A deferred annuity is an insurance investment used to give the annuitant, or person with the annuity, a supplemental retirement income source. It is possible to donate an annuity to a charity. Doing so requires adjusting either the owner or the beneficiary of the annuity; these are two of the four parties in an annuity contract. The insurance company issues the contract. The annuitant receives payments during his/her lifetime. The owner takes the tax liabilities. The beneficiaries receive the cash value upon the death of the annuitant. Donating the annuity may be attractive for tax or estate planning purposes.
Pick your primary reason for donating an annuity to a charity. If you want immediate tax relief (or asset reduction) while still getting lifetime income, you need to change the owner. To give the annuity to a charity after you die, you need to change your beneficiary designations.
Call your annuity company and ask for the appropriate paperwork: a "change of owner form" or a "beneficiary change form."
Obtain the charity's legal name, tax identification number (TIN), phone number and legal address. This is needed for a proper change and used for identification purposes when claiming death benefits. The Internal Revenue Service (IRS) also needs this information for tax purposes.
Complete and submit the required form. An ownership change maintains the same annuitant and beneficiary, with the charity listed in the "New Owner Section" section listing the charity's TIN, address and phone number. A beneficiary change maintains the same owner and annuitant, listing the charity as the new beneficiary with its address and phone number.

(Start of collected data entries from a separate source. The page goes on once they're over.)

Section Mobius.
Variables (C : numClosedFieldType) (T : finType) (D : {set T}) (le : rel T).
Hypothesis refl_le : forall x, le x x.
Hypothesis trans_le : forall {x y z}, le x y -> le y z -> le x z.
Hypothesis anti_le : forall x y, x \in D -> y \in D -> le x y -> le y x -> x = y.

Let lower x y := [set z in D | le x z && le z y && (z != y)].

Let card_lower_lt x y z : z \in D -> y \in D -> le x z -> le z y -> z != y ->
  (#|lower x z| < #|lower x y|)%N.
Proof.
move=> zD yD xz zy zNy; apply/proper_card/properP; split.
  apply/subsetP => t; rewrite !inE => /andP[-> /andP[/andP[xt tz] tNz]] /=.
  rewrite xt (trans_le tz zy) /=; apply: contra zNy => /eqP ty.
  by subst t; rewrite (anti_le zD yD zy tz).
by exists z; rewrite !inE ?zD ?xz ?zy ?zNy ?eqxx //= andbF.
Qed.

Let card_lower_ltT x y : (#|lower x y| < #|T|)%N.
Proof.
apply/proper_card/properP; split; first exact: subset_predT.
by exists y => //; rewrite !inE eqxx !andbF.
Qed.

Let mobius_fuel_enough k1 k2 x y : y \in D ->
  (#|lower x y| < k1)%N -> (#|lower x y| < k2)%N ->
  mobius_fuel C D le k1 x y = mobius_fuel C D le k2 x y.
Proof.
elim: k1 k2 x y => [//|k1 IH] [//|k2] x y yD lt1 lt2 /=.
case: (x == y) => //; case: (le x y) => //; congr (- _).
apply: eq_bigr => z /andP[zD /andP[/andP[xz zy] zNy]].
have ltz := card_lower_lt zD yD xz zy zNy.
by apply: IH => //; apply: leq_trans ltz _; rewrite -ltnS.
Qed.

Lemma mobius_refl x : mobius C D le x x = 1.
Proof. by rewrite /mobius; case: #|T| => [|k] /=; rewrite eqxx. Qed.

Lemma mobiusE x y : y \in D -> le x y -> x != y ->
  mobius C D le x y =
  - \sum_(z in D | le x z && le z y && (z != y)) mobius C D le x z.
Proof.
move=> yD xy xNy; have := card_lower_ltT x y.
rewrite {1}/mobius; case cardT: #|T| => [//|k] ltk /=.
rewrite (negbTE xNy) xy; congr (- _).
apply: eq_bigr => z /andP[zD /andP[/andP[xz zy] zNy]].
rewrite /mobius cardT; apply: mobius_fuel_enough => //; last first.
  by rewrite -cardT card_lower_ltT.
by apply: leq_trans (card_lower_lt zD yD xz zy zNy) _; rewrite -ltnS.
Qed.

Lemma sum_mobius x y : x \in D -> y \in D -> le x y ->
  \sum_(z in D | le x z && le z y) mobius C D le x z = (x == y)%:R.
Proof.
move=> xD yD xy; have [<-|xNy] := eqVneq x y.
  rewrite (big_pred1 x) ?mobius_refl // => z; rewrite /= andbA.
  apply/idP/eqP => [/andP[/andP[zD xz] zx]|->]; first exact: anti_le.
  by rewrite xD refl_le.
rewrite (bigD1 y) /=; last by rewrite yD xy refl_le.
rewrite mobiusE // addrC; apply/eqP; rewrite subr_eq0; apply/eqP.
by apply: eq_bigl => z; rewrite !andbA.
Qed.

Lemma mobius_inversion x (F : T -> C) : x \in D ->
  \sum_(z in D | le x z) mobius C D le x z * \sum_(q in D | le z q) F q = F x.
Proof.
move=> xD; under eq_bigr do rewrite mulr_sumr.
rewrite (exchange_big_dep (mem D)) /=; last by move=> ? ? _ /andP[].
rewrite (bigD1 x) //= [X in _ + X]big1 ?addr0.
  rewrite -mulr_suml -[RHS]mul1r; congr (_ * _).
  transitivity ((x == x)%:R : C); last by rewrite eqxx.
  rewrite -(sum_mobius xD xD (refl_le x)).
  by apply: eq_bigl => z; rewrite xD /= andbA.
move=> q /andP[qD qNx]; rewrite -mulr_suml.
have [xq|xNq] := boolP (le x q).
  rewrite -[X in X * _](_ : \sum_(z in D | le x z && le z q) mobius C D le x z = _).
    by rewrite sum_mobius // eq_sym (negbTE qNx) mul0r.
  by apply: eq_bigl => z; rewrite qD /= andbA.
rewrite big_pred0 ?mul0r // => z; apply/negP => /andP[/andP[_ xz] /andP[_ zq]].
by rewrite (trans_le xz zq) in xNq.
Qed.

End Mobius.

Section PartitionLattice.
Variable n : nat.
Local Notation Pi := (set_partitions n).
Implicit Types P Q R Z : {set {set 'I_n}}.

Lemma in_set_partitions P : (P \in Pi) = partition P [set: 'I_n].
Proof. by rewrite inE. Qed.

Lemma refines_refl P : refines P P.
Proof. by apply/forall_inP => B PB; apply/exists_inP; exists B. Qed.

Lemma refines_trans P Q R : refines P Q -> refines Q R -> refines P R.
Proof.
move=> /forall_inP PQ /forall_inP QR; apply/forall_inP => B /PQ /exists_inP[D QD BD].
have /exists_inP[E RE DE] := QR D QD.
by apply/exists_inP; exists E => //; apply: subset_trans BD DE.
Qed.

Lemma refines_anti P Q : P \in Pi -> Q \in Pi -> refines P Q -> refines Q P -> P = Q.
Proof.
suff sub R S : R \in Pi -> refines R S -> refines S R -> R \subset S.
  by move=> PPi QPi PQ QP; apply/eqP; rewrite eqEsubset !sub.
rewrite in_set_partitions => /and3P[_ tR R0] /forall_inP RS /forall_inP SR.
apply/subsetP => B RB; have /exists_inP[D SD BD] := RS B RB.
have /exists_inP[B' RB' DB'] := SR D SD.
have /set0Pn[x xB] : B != set0 by apply: contraNneq R0 => <-.
suff BB' : B = B' by rewrite (_ : B = D) //; apply/eqP; rewrite eqEsubset BD BB'.
by rewrite -(def_pblock tR RB xB) (def_pblock tR RB' (subsetP DB' x (subsetP BD x xB))).
Qed.

Lemma refines_hat1 P : refines P (hat1 n).
Proof. by apply/forall_inP => B _; apply/exists_inP; exists [set: 'I_n]; rewrite ?inE ?subsetT. Qed.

Provide the charity with a copy of the annuity policy and the changes made. Obtain a receipt for an ownership change.
Donating an annuity during your lifetime reduces total assets considered for Medicare and other assistance programs. Income continues but total assets are reduced.
Some charities offer an annuity program called a "charitable gift annuity." This is an annuity program funded by the charity. An annuity owner would need to find a list of charities offering the program at the American Council on Gift Annuities. Then he/she would liquidate existing annuities and donate the sum under the gift annuity contract terms with the charity. These annuities may not be backed by an insurance company and should be closely evaluated.
Speak with a tax adviser regarding any tax implications of transferring, donating or gifting an annuity to a charity.